Опираясь одной рукой в каменный бок моста, она одолела двенадцать высоких ступеней и шагнула на крупную гальку. Да, здешнюю речушку уже не назовёшь пересыхающим ручейком: хоть и неширокая, метров пять, но сердитая, стремительная, яростно ворочающая булыги на дне… А куда теперь? Лика обернулась. Стены тумана по левую сторону больше не было; она как-то незаметно развеялась, открыв взору бесконечное, уходящее вдаль ущелье. Противоположный берег оказался куда отвеснее и выше того, с которого спустилась Лика: дальний край моста упирался не в гипотетический берег, а в широкий туннель в скале.

Вот тут-то Лика и растерялась.

По горам она лазить не умела; а с «парадного» входа мост её не пускал. Что делать-то? Как выбираться?

Беспомощно обернувшись, она случайно глянула под арку моста и вдруг забыла обо всём на свете. Если до этого момента миры, развёрнутые веером Межмирья, воспринимались как чужие, сохраняя лишь условное сходство со знакомыми пейзажами на Земле, то сейчас местечко под мостом один в один повторяло то, где однажды Валерий оставил своё послание Вселенной. Не удержавшись, Лика шагнула вперёд, под самый свод, и с бьющимся сердцем отвела с потрескавшейся от времени кладки завесу из плюща. И обомлела.

«Самая лучшая в мире сестрёнка!» — пропели ей буквы, выведенные на стене не мелом, не краской, а тёплым солнечным светом.

Вытерев затуманившиеся от слёз глаза, Лика шмыгнула носом и нежно провела пальцами по надписи. Один из камней под её рукой вдруг ухнул внутрь кладки и обрушился где-то внутри, словно в пустоту. По какому-то наитию Лика сунула руку в образовавшуюся дыру и схватила плоский округлый предмет, будто сам ткнувшийся в ладонь…

А потом долго смотрела на дедовскую солдатскую флягу. Даже инициалы на ней сохранились, «И.Н.», Игнат Никольский… Значит, всё правильно она делает. Выбор верный. Теперь… надо идти дальше.

Она тщательно прощупала, насколько смогла дотянуться, толщу мостовой опоры, но дополнительных подарков в виде скрытых тайников или ходов так и не обнаружила. По ту сторону моста тянулось всё то же ущелье, диковатое, с берегами уж совершенно отвесными. Вернувшись на прежнее место, Лика внимательно изучила противоположный берег. И заметила то, чего не видела раньше. Природных ступеней здесь не было, однако в углу, образованном скалистой стеной и дальней опорой моста, из известняка торчали проржавевшие скобы, ведущие наверх, к туннелю.

Вздохнув, Лика стянула джинсы и водолазку, спрятала флягу в импровизированный узел и кое-как пристроила тот за спину, завязав рукава на шее. Получилось не слишком удобно, зато сохранялся шанс переодеться в сухое после перехода реки. Что-то подсказывало ей, что, несмотря на статус сновидения, эта реальность отсыплет ей впечатлений по полной программе. Она угадала. Вода в речушке оказалась ледяной.

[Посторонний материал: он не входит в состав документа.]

Lemma colour_eq X Y : X \in S -> Y \in S -> (c X == c Y) = (X == Y).
Proof. exact: inj_in_eq. Qed.

Lemma colour_neq0 X : X \in S -> (c set0 == c X) = false.
Proof. by move/colour_inner; rewrite !inE negb_or eq_sym => /andP[/negPf]. Qed.

Lemma colour_neqT X : X \in S -> (c X == c setT) = false.
Proof. by move/colour_inner; rewrite !inE negb_or => /andP[_ /negPf]. Qed.

Lemma rainbow_free_above_comparable X Y Z : X \in S -> Y \in S -> Z \in S ->
  X \proper Y -> X \proper Z -> (Y \subset Z) || (Z \subset Y).
Proof.
move=> XS YS ZS ltXY ltXZ; apply/negPn/negP; rewrite negb_or => /andP[incYZ incZY].
have ltYT : Y \proper setT by rewrite properT; apply: contraNneq incZY => ->; apply: subsetT.
have ltZT : Z \proper setT by rewrite properT; apply: contraNneq incYZ => ->; apply: subsetT.
move/negP: (induced_B2_not_rainbow ltXY ltXZ ltYT ltZT incYZ incZY); apply.
rewrite /= !inE !negb_or !colour_neqT // !colour_eq //.
rewrite (proper_neq ltXY) (proper_neq ltXZ) /= !andbT.
by apply: contraNneq incYZ => ->.
Qed.

Lemma rainbow_free_chain4 X1 X2 X3 X4 : X1 \in S -> X2 \in S -> X3 \in S -> X4 \in S ->
  X1 \proper X2 -> X2 \proper X3 -> X3 \proper X4 -> False.
Proof.
move=> S1 S2 S3 S4 lt12 lt23 lt34.
have [lt1W ltW4 incW3 inc2W] := chain4_splitter lt12 lt23 lt34.
set W := X1 :|: _ in lt1W ltW4 incW3 inc2W.
have lt13 := proper_trans lt12 lt23; have lt24 := proper_trans lt23 lt34.
have lt14 := proper_trans lt13 lt34.
have incW2 : ~~ (W \subset X2) by apply: contra incW3 => /subset_trans; apply; exact: proper_sub.
have inc3W : ~~ (X3 \subset W) by apply: contra inc2W; apply: subset_trans; exact: proper_sub.
have chainF := (proper_eqF lt12, proper_eqF lt13, proper_eqF lt14,
                proper_eqF lt23, proper_eqF lt24, proper_eqF lt34).
have [cW1 | neW1] := eqVneq (c X1) (c W).
  have lt02 : set0 \proper X2 by exact: sub_proper_trans (sub0set X1) lt12.
  have lt0W : set0 \proper W by exact: sub_proper_trans (sub0set X1) lt1W.
  move/negP: (induced_B2_not_rainbow lt02 lt0W lt24 ltW4 inc2W incW2); apply.
  by rewrite -cW1 /= !inE !negb_or !colour_neq0 // !colour_eq // !chainF.
have [cW4 | neW4] := eqVneq (c W) (c X4).
  have lt2T := proper_sub_trans lt24 (subsetT X4).
  have ltWT := proper_sub_trans ltW4 (subsetT X4).
  move/negP: (induced_B2_not_rainbow lt12 lt1W lt2T ltWT inc2W incW2); apply.
  by rewrite cW4 /= !inE !negb_or !colour_neqT // !colour_eq // !chainF.
have [cW2 | neW2] := eqVneq (c X2) (c W).
  move/negP: (induced_B2_not_rainbow lt13 lt1W lt34 ltW4 inc3W incW3); apply.
  by rewrite -cW2 /= !inE !negb_or !colour_eq // !chainF.
move/negP: (induced_B2_not_rainbow lt12 lt1W lt24 ltW4 inc2W incW2); apply.
by rewrite /= !inE !negb_or (colour_eq S1 S2) (colour_eq S1 S4) (colour_eq S2 S4) !chainF
  (negPf neW1) (negPf neW2) (negPf neW4).
Qed.

Lemma rainbow_free_nontrivial X : X \in S -> set0 \proper X /\ X \proper setT.
Proof.
move=> XS; rewrite proper0 properT; split.
  by apply: contraFneq (colour_neq0 XS) => ->.
by apply: contraFneq (colour_neqT XS) => ->.
Qed.

Lemma rainbow_free_card_inj :
  c set0 != c setT -> {in S &, injective (fun X : {set 'I_n} => #|X|)}.
Proof.
move=> c0T X Y XS YS eq_card; apply/eqP/negPn/negP => neqXY.
have [lt0X ltXT] := rainbow_free_nontrivial XS.
have [lt0Y ltYT] := rainbow_free_nontrivial YS.
have incXY : ~~ (X \subset Y).
  by apply: contra neqXY => leXY; rewrite eqEcard leXY eq_card leqnn.
have incYX : ~~ (Y \subset X).
  by apply: contra neqXY => leYX; rewrite eq_sym eqEcard leYX eq_card leqnn.
move/negP: (induced_B2_not_rainbow lt0X lt0Y ltXT ltYT incXY incYX); apply.
by rewrite /= !inE !negb_or (negPf c0T) !colour_neq0 // !colour_neqT // (colour_eq XS YS) neqXY.
Qed.

Lemma rainbow_free_card_le : c set0 != c setT -> #|S| <= n.-1.
Proof.
move=> c0T; rewrite cardE -(size_map (fun X : {set 'I_n} => #|X|)) -[n.-1](size_iota 1).
apply: uniq_leq_size => [|_ /mapP[X XS ->]].
  rewrite map_inj_in_uniq ?enum_uniq // => X Y.
  by rewrite !mem_enum; apply: rainbow_free_card_inj.
rewrite mem_enum in XS; have [/proper_card lt0X /proper_card ltXT] := rainbow_free_nontrivial XS.
by rewrite mem_iota; move: lt0X ltXT; rewrite cards0 cardsT card_ord; lia.
Qed.

End RainbowFreeColourings.

Lemma exact_coloring_transversal n k (c : {set 'I_n} -> 'I_k) (O : {set 'I_k}) :
  exact_coloring c -> exists S : {set {set 'I_n}}, {in S &, injective c} /\ c @: S = O.
Proof.
move=> onto; pose rep i := odflt set0 [pick W | c W == i].
have c_rep i : c (rep i) = i.
  rewrite /rep; case: pickP => [W /eqP // | no_W].
  by have [W cW] := onto i; have := no_W W; rewrite cW eqxx.
exists (rep @: O); split; first by move=> _ _ /imsetP[i _ ->] /imsetP[j _ ->]; rewrite !c_rep => ->.
by rewrite -imset_comp (eq_imset _ c_rep) imset_id.
Qed.

Theorem proposition2p14 (n k : nat) (c : {set 'I_n} -> 'I_k) :
  2 < n -> 4 <= k ->
  exact_coloring c -> ~ has_rainbow_B2 c ->
  k <= 'C(n, n./2) + 'C(n.-1, n.-1./2) + 'C(n.-2, n.-2./2) + 1.
Proof.
(* The bound holds for all n and k. *)
move=> _ _ onto rainbow_free.
have [S [c_inj cS]] := exact_coloring_transversal (~: [set c set0; c setT]) onto.
have inner X : X \in S -> c X \notin [set c set0; c setT].
  by move=> XS; rewrite -in_setC -cS imset_f.
have k_eq : k = #|S| + (c set0 != c setT).+1.
  have := cardsC [set c set0; c setT]; rewrite -cS (card_in_imset c_inj) cards2 card_ord.
  by move=> e; rewrite addnC; exact: esym e.
case: (eqVneq (c set0) (c setT)) k_eq => [c0T | c0T] ->.
  have := card_three_level_family (rainbow_free_chain4 rainbow_free c_inj inner)
    (rainbow_free_above_comparable rainbow_free c_inj inner).
  rewrite card_ord /=; lia.
have := rainbow_free_card_le rainbow_free c_inj inner c0T.
have := leq_bin_half n 1; have : 0 < 'C(n.-1, n.-1./2) by rewrite bin_gt0 -divn2 leq_div.
rewrite bin1; lia.
Qed.
Lemma Lfun_xL_lt1 : xL < 1.
Proof.
have zm0 := Lfun_zm_gt0; have /andP[zxL xL1] := Lfun_zm_xL.
rewrite lt_neqAle xL1 andbT; apply/eqP => xL_1.
have [eta eta0 big] := ber_renyi_sum_gt_near1 a_gt1 (z := zm) (E := E)
  ltac:(by rewrite ltW //=; lra) (ltW (expR_gt0 _)).
have [x [zx [_ r2]] /andP[xeta xxL]] := Lfun_left_adherent eta0.
rewrite -/xL xL_1 in xeta xxL.
have [x1|xn1] := eqVneq x 1; first by move: r2; rewrite x1 renyi_ber_ber1 ?leye_eq //; lra.
have x1 : x < 1 by rewrite lt_neqAle xn1.
move: r2; rewrite renyi_ber_leE //; last by rewrite (lt_trans zm0) //= x1.
  by rewrite leNgt big // xeta.
by rewrite ltW //=; lra.
Qed.

Lemma ber_renyi_sum_zm_xL : T zm xL <= E.
Proof.
have zm0 := Lfun_zm_gt0; have /andP[zxL xL1] := Lfun_zm_xL; have xL1' := Lfun_xL_lt1.
apply: (left_adherent_le (f := T zm) (s := xL) (P := Lfun_feasible)
  (C := (1 - zm) `^ a * (a - 1) * ((1 - xL) `^ (1 - a) / (1 - xL)))).
- rewrite mulr_ge0 ?divr_ge0 ?powR_ge0 ?subr_ge0 ?(ltW xL1') //.
  by rewrite mulr_ge0 ?powR_ge0 // subr_ge0 ltW.
- exact: Lfun_left_adherent.
move=> x [zx [_ r2]] xxL; have hx : 0 < x < 1 by apply/andP; split; lra.
rewrite renyi_ber_leE // in r2; last by rewrite ltW //=; lra.
by apply: le_trans (ber_renyi_sum_lipR a_gt1 _ _ xxL xL1') _; rewrite ?lerD2r //; lra.
Qed.

End NonDegenerate.

Lemma le_Lfun_renyi_approx (p : R) : q <= p -> p <= L ->
  (renyi_approx a d (ber p) (ber q) <= e%:E)%E /\ (renyi_approx a d (ber q) (ber p) <= e%:E)%E.
Proof.
move: d01 q01 => /andP[d0 d1] /andP[q0 q1] qp pL; have d1' : 0 < 1 - d by lra.
have /andP[_ L1] := Lfun_bounds a d q01 e_ge0.
have [pdq|qdp] := lerP (p - d) q.
  have [h1 h2] := renyi_approx_ber_near a d01 (introT andP (conj q0 qp)) (le_trans pL L1) pdq.
  by split; apply: le_trans (_ : 0%:E <= e%:E)%E; rewrite ?lee_fin.
have qdL : q + d < L by lra.
have qdp' : q + d < p by rewrite -ltrBrDr.
have [c1 c2] := renyi_approx_berE a_gt1 d01 q0 qdp' (le_trans pL L1).
have zm0 := Lfun_zm_gt0 qdL; have /andP[zxL xL1] := Lfun_zm_xL qdL.
have xL1' := Lfun_xL_lt1 qdL.
have zxp : zm < (p - d) / (1 - d) by rewrite ltr_pM2r ?invr_gt0 //; lra.
have xpL : (p - d) / (1 - d) <= xL by rewrite ler_pM2r ?invr_gt0 //; lra.
rewrite c1 c2 -/zm; split.
- rewrite renyi_ber_leE //; try (apply/andP; split; lra).
  apply: le_trans (ber_renyi_sum_xL_zm qdL).
  by apply: ber_renyi_sum_le_incrL => //; try (apply/andP; split); lra.
- rewrite renyi_ber_leE //; try (apply/andP; split; lra).
  apply: le_trans (ber_renyi_sum_zm_xL qdL).
  by apply: ber_renyi_sum_le_incrR => //; lra.
Qed.
(* Lc(R, B): functions f : R -> B (f 0 = 0, representing a function on *)
(* R \ {0}), pairwise disjoint values, almost all 0.                    *)

(* join of the family F over the indices in S (the family is meant to
   have only finitely many nonzero members in S) *)
Definition bjoin d (B : cbDistrLatticeType d) (T : choiceType)
    (S : T -> Prop) (F : T -> B) : B :=
  \big[Order.join / \bot]_(i <- fset_set (fun i => S i /\ F i <> \bot)) F i.

Section Lc.
Local Open Scope ring_scope.

Definition lc_fun (R : comPzRingType) d (B : cbDistrLatticeType d)
    (I : B -> Prop) (f : R -> B) : Prop :=
  (f 0 = \bot)%O /\
  (forall r s, r <> s -> (f r `&` f s = \bot)%O) /\
  (forall r, I (f r)) /\
  finite_set (fun r => f r <> \bot%O).

Definition lc0 (R : comPzRingType) d (B : cbDistrLatticeType d) : R -> B :=
  fun _ => \bot%O.

Definition lc_supp (R : comPzRingType) d (B : cbDistrLatticeType d) (f : R -> B) : B :=
  bjoin (fun _ => True) f.

Definition lc_add (R : comPzRingType) d (B : cbDistrLatticeType d)
    (f g : R -> B) : R -> B :=
  fun r => if r == 0 then \bot%O else
    (bjoin (fun p : R * R => p.1 + p.2 = r) (fun p => f p.1 `&` g p.2)
     `|` (f r `\` lc_supp g) `|` (g r `\` lc_supp f))%O.

Definition lc_mul (R : comPzRingType) d (B : cbDistrLatticeType d)
    (f g : R -> B) : R -> B :=
  fun r => if r == 0 then \bot%O else
    bjoin (fun p : R * R => p.1 * p.2 = r) (fun p => f p.1 `&` g p.2)%O.

Definition lc_scale (R : comPzRingType) d (B : cbDistrLatticeType d)
    (c : R) (f : R -> B) : R -> B :=
  fun r => if r == 0 then \bot%O else bjoin (fun s : R => c * s = r) f.

Definition lc_ind (R : comPzRingType) d (B : cbDistrLatticeType d) (U : B) : R -> B :=
  fun r => if (r == 1) && (r != 0) then U else \bot%O.

Definition lc_act (A : choiceType) (R : comPzRingType) d (B : cbDistrLatticeType d)
    (phi : FG A -> B -> B) (t : FG A) (f : R -> B) : R -> B :=
  fun r => phi t (f r).

(* Partial skew group ring Lc(R,B) x|_Phi F[A]: an element sum_t f_t d_t *)
(* is the finitely supported family t |-> f_t with f_t in D_t.          *)
Definition skew_elem (A : choiceType) (R : comPzRingType) d (B : cbDistrLatticeType d)
    (Id : FG A -> B -> Prop) (X : FG A -> R -> B) : Prop :=
  (forall t, lc_fun (Id t) (X t)) /\ finite_set (fun t => X t <> @lc0 R d B).

Definition skew0 (A : choiceType) (R : comPzRingType) d (B : cbDistrLatticeType d)
  : FG A -> R -> B := fun _ => @lc0 R d B.
Definition hat_lie := sumsets (fun i : 'I_c => pdiv_img j p i (gamma L i.+1)).
Definition hat_ideal := sumsets (fun i : 'I_c => pdiv_img j p i (comm_iter I i)).
Definition scaled (S : Lt -> Prop) : Lt -> Prop :=
  fun y => exists2 z, S z & y = p *: z.

Lemma submodule_pdiv_img k (S : L -> Prop) :
  submodule S -> submodule (pdiv_img j p k S).
Proof.
move=> [S0 SD SZ]; split.
- by exists 0 => //; rewrite scaler0 (lie_hom0 j_hom).
- move=> y1 y2 [x1 S1 E1] [x2 S2 E2]; exists (x1 + x2); first exact: SD.
  by rewrite scalerDr E1 E2 (lie_homD j_hom).
- move=> a y [x Sx E]; exists (a *: x); first exact: SZ.
  by rewrite scalerA mulrC -scalerA E (lie_homZ j_hom).
Qed.

Lemma submodule_hat_ideal : submodule hat_ideal.
Proof.
by apply: submodule_sumsets => i; apply/submodule_pdiv_img/submodule_comm_iter.
Qed.

Lemma submodule_scaled S : submodule S -> submodule (scaled S).
Proof.
move=> [S0 SD SZ]; split.
- by exists 0 => //; rewrite scaler0.
- move=> _ _ [z1 S1 ->] [z2 S2 ->].
  by exists (z1 + z2); [apply: SD | rewrite scalerDr].
- move=> a _ [z Sz ->].
  by exists (a *: z); [apply: SZ | rewrite scalerA mulrC -scalerA].
Qed.

Lemma comm_iter_scaled_hat_ideal n x y :
  comm_iter I n.+1 x -> p ^+ n *: y = j x -> scaled hat_ideal y.
Proof.
move=> Ix Ey; have [q pK qK] := p_bij.
have [lt_nc | le_cn] := ltnP n.+1 c.
  exists (q y); last by rewrite qK.
  apply: (sumsets_component (i0 := Ordinal lt_nc)).
    by move=> i; case: (submodule_pdiv_img i (submodule_comm_iter i sI)).
  by exists x => //=; rewrite exprSr -scalerA qK.
exists 0; first by case: submodule_hat_ideal.
rewrite scaler0; apply: (scale_exp_eq0 (n := n) p_bij).
by rewrite Ey (comm_iter_nil nilL le_cn Ix) (lie_hom0 j_hom).
Qed.

Lemma lbr_hat_ideal_scaled y : lbr hat_ideal hat_lie y -> scaled hat_ideal y.
Proof.
have sP := submodule_scaled submodule_hat_ideal.
apply: span_sub_submodule => // _ [_ [_ [[u [Iu ->]] [w [Lw ->]] ->]]].
rewrite lie_br_suml; apply: submodule_sum => // i.
rewrite lie_br_sumr; apply: submodule_sum => // k.
have [x Ix Eu] := Iu i; have [v Lv Ew] := Lw k.
apply: (comm_iter_scaled_hat_ideal (n := i + k) (x := lie_br x v)).
  exact: comm_iter_lie_br.
by rewrite j_hom.2 -Eu -Ew lie_brZl lie_brZr scalerA exprD.
Qed.

Lemma hat_ideal_in_hat_lie : is_ideal_in hat_lie hat_ideal.
Proof.
split.
- move=> _ [v [Iv ->]]; rewrite /hat_lie; exists v; split=> // i.
  by have [x Ix Ev] := Iv i; exists x => //; apply: comm_iter_gamma Ix.
- exact: submodule_hat_ideal.
- move=> y /lbr_hat_ideal_scaled [z Iz ->].
  by case: submodule_hat_ideal => _ _; apply.
Qed.

End Hat.

Theorem lemma3p3 (p c d : nat) (L Lt : lieAlg (padic p)) (iota : 'I_d -> L)
    (j : L -> Lt) (I : L -> Prop) :
  prime p -> (0 < c)%N -> (0 < d)%N ->
  is_free_nilpotent c iota ->
  is_p_localization p%:R j ->
  is_ideal I -> finite_index I ->
  let Lhat := sumsets (fun i : 'I_c => pdiv_img j p%:R i (gamma L i.+1)) in
  let Ihat := sumsets (fun i : 'I_c => pdiv_img j p%:R i (comm_iter I i)) in
  (forall y, lbr Ihat Lhat y -> exists2 z, Ihat z & y = p%:R *: z) /\
  is_ideal_in Lhat Ihat.
Proof.
move=> _ _ _ [nilL _] [j_hom _ p_bij _] [sI _] _ Lhat Ihat.
split; first exact: lbr_hat_ideal_scaled nilL j_hom p_bij sI.
exact: hat_ideal_in_hat_lie nilL j_hom p_bij sI.
Qed.
End NeighbourCorrelations.

Section BatteryCorrelations.
Variables (R : realType) (beta : nat -> R[i]).
Hypotheses (beta0 : beta 0%N = 0)
  (beta_sq_le1 : forall N, \sum_(0 <= n < N) absC (beta n) ^+ 2 <= 1).

Lemma sum_absC_shift_le_limn k (s : nat -> nat) : (forall n, s n = (n + k)%N) ->
  forall N, \sum_(0 <= n < N) absC (beta n) * absC (beta (s n))
    <= limn (fun N => \sum_(1 <= n < N) absC (beta n * beta (s n))).
Proof.
move=> sE.
have -> : (fun N => \sum_(1 <= n < N) absC (beta n * beta (s n))) =
          (fun N => \sum_(0 <= n < N) absC (beta n) * absC (beta (s n))).
  apply: funext => -[|N]; first by rewrite !big_geq.
  rewrite [RHS]big_ltn // beta0 absC0 mul0r add0r.
  by apply: eq_bigr => n _; rewrite absCM.
apply: (nonneg_series_le_limn (B := 1)) => [n|N]; first by rewrite mulr_ge0 ?absC_ge0.
under eq_bigr do rewrite sE.
by apply: sum_mul_shift_le1; rewrite ?beta0 ?absC0.
Qed.

End BatteryCorrelations.

Lemma cos_sin_ge0_pihalf (R : realType) (x : R) :
  0 <= x <= pi / 2 -> 0 <= cos x /\ 0 <= sin x.
Proof.
move=> /andP[x_ge0 x_le]; have := pi_ge0 R.
by split; [rewrite cos_ge0_pihalf // x_le andbT | rewrite sin_ge0_pi // x_ge0]; lra.
Qed.

Theorem mainTheorem4 (R : realType) (theta gamma phi thb : R)
    (al ga ph : nat -> R) (beta : nat -> R[i]) :
  0 <= theta <= pi / 2 ->
  0 <= thb <= pi / 2 ->
  beta 0%N = 0 ->
  (series (fun n => sqnormC (beta n)) @ \oo --> (1 : R)) ->
  sin (thb - theta) ^+ 2
    + 4^-1 * (sin (2 * thb) * sin (2 * theta) * Q1 beta
              + sin thb ^+ 2 * sin theta ^+ 2 * Q2 beta)
  <= choi_infidelity (Vtarget theta gamma phi) (Kraus thb al ga ph beta).
Proof.
move=> /cos_sin_ge0_pihalf[cos_theta_ge0 sin_theta_ge0].
move=> /cos_sin_ge0_pihalf[cos_thb_ge0 sin_thb_ge0] beta0 beta_normed.
have beta_sq_le1 N : \sum_(0 <= n < N) absC (beta n) ^+ 2 <= 1.
  under eq_bigr do rewrite -sqnormC_absC.
  by apply: (nonneg_series_le_lim _ beta_normed) => n; rewrite sqnormC_absC sqr_ge0.
set x := 2 * (cos theta * cos thb); set y := sin theta * sin thb.
pose P1 := limn (fun N => \sum_(1 <= n < N) absC (beta n * beta n.+1)).
pose P2 := limn (fun N => \sum_(1 <= n < N) absC (beta n * beta n.+2)).
have P1_ge := sum_absC_shift_le_limn beta0 beta_sq_le1 (fun n => esym (addn1 n)).
have P2_ge := sum_absC_shift_le_limn beta0 beta_sq_le1 (fun n => esym (addn2 n)).
pose T n := \tr (adjmx (Vtarget theta gamma phi) *m Kraus thb al ga ph beta n).
have T_le n : sqnormC (T n)
    <= (x * absC (beta n) + y * (absC (beta n.-1) + absC (beta n.+1))) ^+ 2.
  have := @absC_trace_Kraus_le R theta gamma phi thb al ga ph beta beta0 n.
  rewrite sqnormC_absC !ger0_norm // -/x -/y -/(T n) => T_le.
  by rewrite !expr2 ler_pM ?absC_ge0.
have lim_le : limn (fun N => \sum_(0 <= n < N) sqnormC (T n))
    <= x ^+ 2 + 2 * y ^+ 2 + 4 * x * y * P1 + 2 * y ^+ 2 * P2.
  apply: limn_nonneg_series_le => [n|N]; first by rewrite sqnormC_absC sqr_ge0.
  apply: le_trans (ler_sum _ (fun n _ => T_le n)) _.
  by apply: sum_sq_neighbours_le; rewrite ?beta0 ?absC0 ?mulr_ge0.
have sin_sub_sqr : sin (thb - theta) ^+ 2
    = 1 - (cos thb * cos theta + sin thb * sin theta) ^+ 2.
  by rewrite sin2cos2 cosB.
rewrite /choi_infidelity /Q1 /Q2 -/P1 -/P2 sin_sub_sqr !mulr_natl !sin_mulr2n !mulr2n.
move: lim_le; rewrite /x /y.
lra.
Qed.
Lemma clamped_sample_vert w : vert_end w -> clamped_sample w = 0.
Proof. by move=> vw; rewrite /clamped_sample level_vert_end // mulr0 clamp0. Qed.

Lemma clamped_sample_hor (f_bound : forall z, K z -> `|f z| <= eps * k.+1%:R)
    (no_path : forall q, ~ approx_array_path K delta k (4 * h) q) u :
  hor_end u -> clamped_sample u = f (x u).
Proof.
move=> hu; have [v [vu _] _] := hor_endP hu.
rewrite /clamped_sample level_unreached ?clamp_id //; first exact: f_bound (x_sample vu).1.
by move=> j jk /(hor_end_approx_array_path hu jk)[q]; apply: no_path.
Qed.

Lemma norm_clamped_sample_le (eps_ge0 : 0 <= eps) w : `|clamped_sample w| <= `|f (x w)|.
Proof. by rewrite norm_clamp_le ?mulr_ge0. Qed.
End ClampedSample.
End Grid.

Lemma continuous_compact_norm_bounded (R : realType) (T : topologicalType)
    (K : set T) (f : T -> R) :
  compact K -> {within K, continuous f} -> exists M, forall z, K z -> `|f z| <= M.
Proof.
move=> cK cf; have [M [_ fM]] := compact_bounded (continuous_compact cf cK).
by exists (M + 1) => z Kz; apply: fM; [rewrite ltrDl | exists z].
Qed.

Lemma mesh_eventually_le (R : realType) (c : R) : 0 < c ->
  exists N, forall n, (N <= n)%N -> 4 * (1 / 2 ^+ n) <= c.
Proof.
move=> c0; exists (Num.truncn (4 / c)) => n Nn.
have N_lt : 4 / c < (Num.truncn (4 / c)).+1%:R := truncnS_gt _.
rewrite mul1r ler_pdivrMr ?exprn_gt0 // mulrC -ler_pdivrMr //.
apply: ltW (lt_le_trans N_lt _); rewrite -natrX ler_nat.
exact: leq_ltn_trans Nn (ltn_expl _ (ltnSn 1)).
Qed.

Мало того, напор был таков, что едва не сбивал с ног, а крупные камни на дне так и норовили уехать из-под ступней. Раз пять она едва не навернулась, и пёрла вперёд исключительно на упрямстве, стараясь не думать, сможет ли встать после падения. Ведь течение сразу потащит по камням, а глубина здесь по пояс! Для равнинной-то речушки неглубоко, а тут — шарахнет головой о камень, потеряешь сознание, захлебнёшься, и всё… Хорошо, что она не разувалась: уже на берегу, вытряхивая воду из кроссовок и одеваясь, обнаружила, что все щиколотки посечены и в синяках. Надо думать, от перекатывающейся гальки. Если бы таким камушком перебило хоть один палец…

Перо, сочувственно опустившись ей на плечо, дало не больше трёх минут на отдых. И призывно взмыло вверх, к замеченным раньше останкам лестницы. Со стоном Лика поднялась. Икры свело судорогой: кое-как их растерев, она поковыляла к следующему испытанию. Вот уж… полоса препятствий, ничего не скажешь…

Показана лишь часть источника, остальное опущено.